In reading about this complex, criminal fraud trial, I’ve been struck by what a long and complex ordeal it was for all those involved, but especially for the jurors who were expected to render judgment. Dewey LeBoeuf filed for bankruptcy in 2012, accused of creating falsified financial records in order to obtain financing from lenders and investors. There were more than 151 charges levelled against the three former executives of the law firm; after a trial that lasted four months, the jury deliberated for almost another month before finally acquitting the three defendants on dozens of the original charges.  A mistrial was declared on 93 of the remaining counts. Several of the defense attorneys said Manhattan District Attorney Cyrus Vance would likely retry the three Dewey & LeBoeuf executives; they and some jurors strongly suggested that Vance pare down the indictment, present fewer witnesses and, most importantly, call in some accounting experts to decrease the level of juror confusion regarding the multitude of complex accounting issues.

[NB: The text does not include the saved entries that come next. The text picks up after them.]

Lemma sum_outside_weightD1 (F : numFieldType) A :
  \sum_(k in A) outside_weight F (A :\ k) =
  \sum_(i | i \notin known_outside A)
    (#|A| - (#|holders i| + #|demanders i|))%N%:R * value_weight F i.
Proof.
under eq_bigr => k kA do rewrite /outside_weight big_mkcond.
rewrite exchange_big [RHS]big_mkcond; apply: eq_bigr => i _ /=.
under eq_bigr => k kA do rewrite mem_known_outsideD1 //.
case: ifPn => iB; last by rewrite big1.
under eq_bigr do rewrite andTb.
rewrite -big_mkcondr sumr_const -card_holdersUdemanders -cardsDS.
  by rewrite mulr_natl; congr (_ *+ _); apply: eq_card => k; rewrite in_setD andbC.
exact: holdersUdemanders_sub.
Qed.

(* Value by value, this reads (#|A| - 1) w <= d + (#|A| - s - d) w, that is
   (s + d - 1) w <= d, an equality when s > 0. *)
Lemma outside_weight_rec (F : realFieldType) A :
  (#|A|%:R - 1) * outside_weight F A <=
  \sum_(k in A) (#|uncovered A k|%:R + outside_weight F (A :\ k)).
Proof.
rewrite big_split /= sum_uncovered sum_outside_weightD1 -big_split mulr_sumr /=.
apply: ler_sum => i iB; set s := #|holders i|; set d := #|demanders i|.
have sdA : (s + d <= #|A|)%N.
  by rewrite -card_holdersUdemanders subset_leq_card ?holdersUdemanders_sub.
rewrite /value_weight -/s -/d; have [s0 | s_gt0] := posnP s.
  by rewrite s0 /weight /= !mulr0 addr0 ler0n.
rewrite -{1}(mul_weight F d s_gt0) -mulrDl -natrD.
have -> : (s + d - 1 + (#|A| - (s + d)) = #|A| - 1)%N by lia.
by rewrite natrB // (leq_trans s_gt0) // (leq_trans _ sdA) ?leq_addr.
Qed.

Lemma outside_weight_small (F : numFieldType) A :
  (#|A| <= 1)%N -> outside_weight F A = 0.
Proof.
move=> A_le1; apply: big1 => i iB; rewrite /value_weight /weight.
have := leq_trans (subset_leq_card (holdersUdemanders_sub iB)) A_le1.
rewrite card_holdersUdemanders; have [-> _ | d_gt0 sd_le1] := posnP #|demanders i|.
  by rewrite mul0r; case: ifP.
by rewrite ifN // -leqNgt; lia.
Qed.

Lemma outside_weight_setT (F : numFieldType) :
  outside_weight F setT = \sum_i value_weight F i.
Proof. by rewrite /outside_weight known_outside_setT; apply: eq_bigl => i; rewrite inE. Qed.

Lemma ler_sum_value_weight_rat (F : numFieldType) (a b : nat) :
  (a%:R * \sum_i value_weight F i <= b%:R) = (a%:R * \sum_i value_weight rat i <= b%:R).
Proof.
rewrite -(ler_rat F) rmorphM rmorph_sum !rmorph_nat.
by rewrite [in RHS](eq_bigr (value_weight F)) => // i _; apply: ratr_weight.
Qed.

Lemma sum_a_sd (F : numFieldType) :
  \sum_(1 <= s < K.+1) \sum_(1 <= d < (K - s).+1)
     ((a_sd M W s d)%:R * d%:R / (s + d - 1)%N%:R) =
  \sum_i value_weight F i.
Proof.
under eq_bigr => s _ do under eq_bigr => d _ do
  rewrite -mulrA mulr_natl -sumr_const big_mkcond.
under eq_bigr => s _ do rewrite exchange_big.
rewrite exchange_big; apply: eq_bigr => i _ /=.
under eq_bigr => s _ do under eq_bigr => d _ do rewrite inE eq_sym [_ == d]eq_sym.
set s_i := #|holders i|; set d_i := #|demanders i|.
under eq_bigr => s _ do rewrite -big_mkcond big_nat1_cond_eq.
rewrite -big_mkcond (big_nat1_cond_eq _ _ (fun s => 0 < d_i < (K - s).+1)%N).
rewrite /value_weight /weight -/s_i -/d_i.
have sd_leK : (s_i + d_i <= K)%N.
  by rewrite -card_holdersUdemanders -[X in (_ <= X)%N]card_ord max_card.
have [-> // | s_gt0] := posnP s_i; have [-> | d_gt0] := posnP d_i.
  by rewrite mul0r; case: ifP.
by rewrite ifT //= !ltnS; apply/andP; split; lia.
Qed.
End Assignments.

Section ShuffleScheme.
Variables (R : realType) (K Q N T : nat).
Variables (M : 'I_K -> {set 'I_N}) (W : 'I_K -> {set 'I_Q}) (S : shuffle_scheme K Q N T).
Hypothesis S_valid : valid_scheme M W S.

Local Notation value := ('I_Q * 'I_N)%type.
Local Notation Om := {ffun value -> {ffun 'I_T -> bool}}.
Local Notation restr := (restrict [ffun=> false]).
Local Notation avail := (@avail K Q N M).
Local Notation wanted := (@wanted K Q N W).
Local Notation known_outside := (@known_outside K Q N M W).
Local Notation uncovered := (@uncovered K Q N M W).
Implicit Types (A : {set 'I_K}) (k j : 'I_K) (x y w : Om).

Definition realize w : realization Q N T := fun q n t => w (q, n) t.

Definition message k w : {ffun 'I_(len S k) -> bool} :=
  [ffun t => enc S k (local M k (realize w)) t].

Definition messages A w : seq (seq bool) :=
  [seq val (fgraph (message k w)) | k <- enum A].

Definition msgH A := condH R (messages A) (restr (known_outside A)).

Lemma local_realize_eq k x y :
  {in avail k, x =1 y} -> local M k (realize x) = local M k (realize y).
Proof.
move=> xy; apply: boolp.functional_extensionality_dep => q.
apply: boolp.functional_extensionality_dep => n; rewrite /local; case: ifP => // nM.
by apply: boolp.functional_extensionality_dep => t; rewrite /realize xy // inE.
Qed.

Lemma message_eq k x y : {in avail k, x =1 y} -> message k x = message k y.
Proof. by move=> xy; rewrite /message (local_realize_eq xy). Qed.

Lemma enc_eq k x y : message k x = message k y ->
  enc S k (local M k (realize x)) = enc S k (local M k (realize y)).
Proof.
move=> xy; apply: boolp.functional_extensionality_dep => t.
by move/ffunP: xy => /(_ t); rewrite !ffunE.
Qed.

Lemma messages_eq A x y :
  messages A x = messages A y <-> {in A, forall k, message k x = message k y}.
Proof.
split=> [/eq_in_map xy k kA | xy]; last by apply/eq_in_map => k; rewrite mem_enum => /xy ->.
by apply/(can_inj fgraphK)/val_inj/xy; rewrite mem_enum.
Qed.

Lemma wanted_determined A k x y : k \in A ->
  {in A :\ k, forall j, message j x = message j y} ->
  {in avail k :|: known_outside A, x =1 y} -> {in wanted k, x =1 y}.
Proof.
case: S_valid => dec dec_ok kA xy_msg xy [q n]; rewrite inE /= => qW.
have local_k : local M k (realize x) = local M k (realize y).
  by apply: local_realize_eq => i ik; apply: xy; rewrite inE ik.
have enc_j j : enc S j (local M j (realize x)) = enc S j (local M j (realize y)).
  have [jA | jA] := boolP (j \in A).
    have [-> // | jk] := eqVneq j k; first by rewrite local_k.
    by apply/enc_eq/xy_msg; rewrite !inE jk.
  congr (enc S j); apply: local_realize_eq => i ij; apply: xy.
  by rewrite inE; apply/orP; right; apply/bigcupP; exists j; rewrite // inE ij.
have received_k : received M S k (realize x) = received M S k (realize y).
  by apply: boolp.functional_extensionality_dep => j; rewrite /received enc_j.
apply/ffunP => t; have := dec_ok k (realize x) q n qW.
by rewrite received_k local_k dec_ok // => /(congr1 (fun b : bits T => b t)).
Qed.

The extensive trail publicity brought to mind the overwhelming importance to the prosecution of the type of effective communication, outlined in a recent InnerAuditor post.  During the months-long trial, many witnesses were called to testify and the jury did received a lot of data. Several members of the firm’s finance department testified for the prosecution and detailed ways in which they manipulated financial records in order to make Dewey & LeBoeuf appear more profitable than it actually was. Jurors were asked to sit patiently through a long trial during which reams of complex financial information were presented to them non-stop. Opening statements were long affairs where lawyers for both sides spent hours trying to explain complex concepts like disbursement write-offs. At the end of it all, jurors reported that they wished they had received less data and more useful information on the accounting and financial issues themselves; information that  they could have used to more confidently come to a conclusion on the facts. For all its crowd of witnesses, the prosecution did not choose to include even one accounting expert. No one was on the stand to specifically frame all the allegations and accusations in a way that the jury could clearly understand. One juror stated that, as he had minored in accounting, he had tried to explain some basic accounting concepts to his fellow jurors, so they could, at least,  try to get a better handle of what exactly had happened at Dewey LeBoeuf and why it might be criminal.

The inconclusive outcome of this trial underscores the importance of having forensic accountants and fraud examiners prepare our reports and courtroom presentations in a way really useful to their intended users, whether those user be corporate managers or juries. I’m sure the witnesses were competent and sounded knowledgeable on the stand but, how effective were they if their testimony served only to fry the brains of the jury?  We don’t want any jury to be so bogged down by numbers and complicated, unfamiliar accounting terms that it misses what the real story is all about.

So, next time, if there is a next time, the prosecutor assigned this case should seriously consider engaging the services of a financial accounting/forensic accounting expert. Why?  Because I think the mistrial sufficiently illustrates the importance to the prosecution, and to the defense, of at least one witness who can explain complicated concepts and financial reporting requirements in a sufficiently straightforward manner to be understood by the layman citizens who make up our juries. Clearly it’s not just the quantity of the proof, it’s the quality.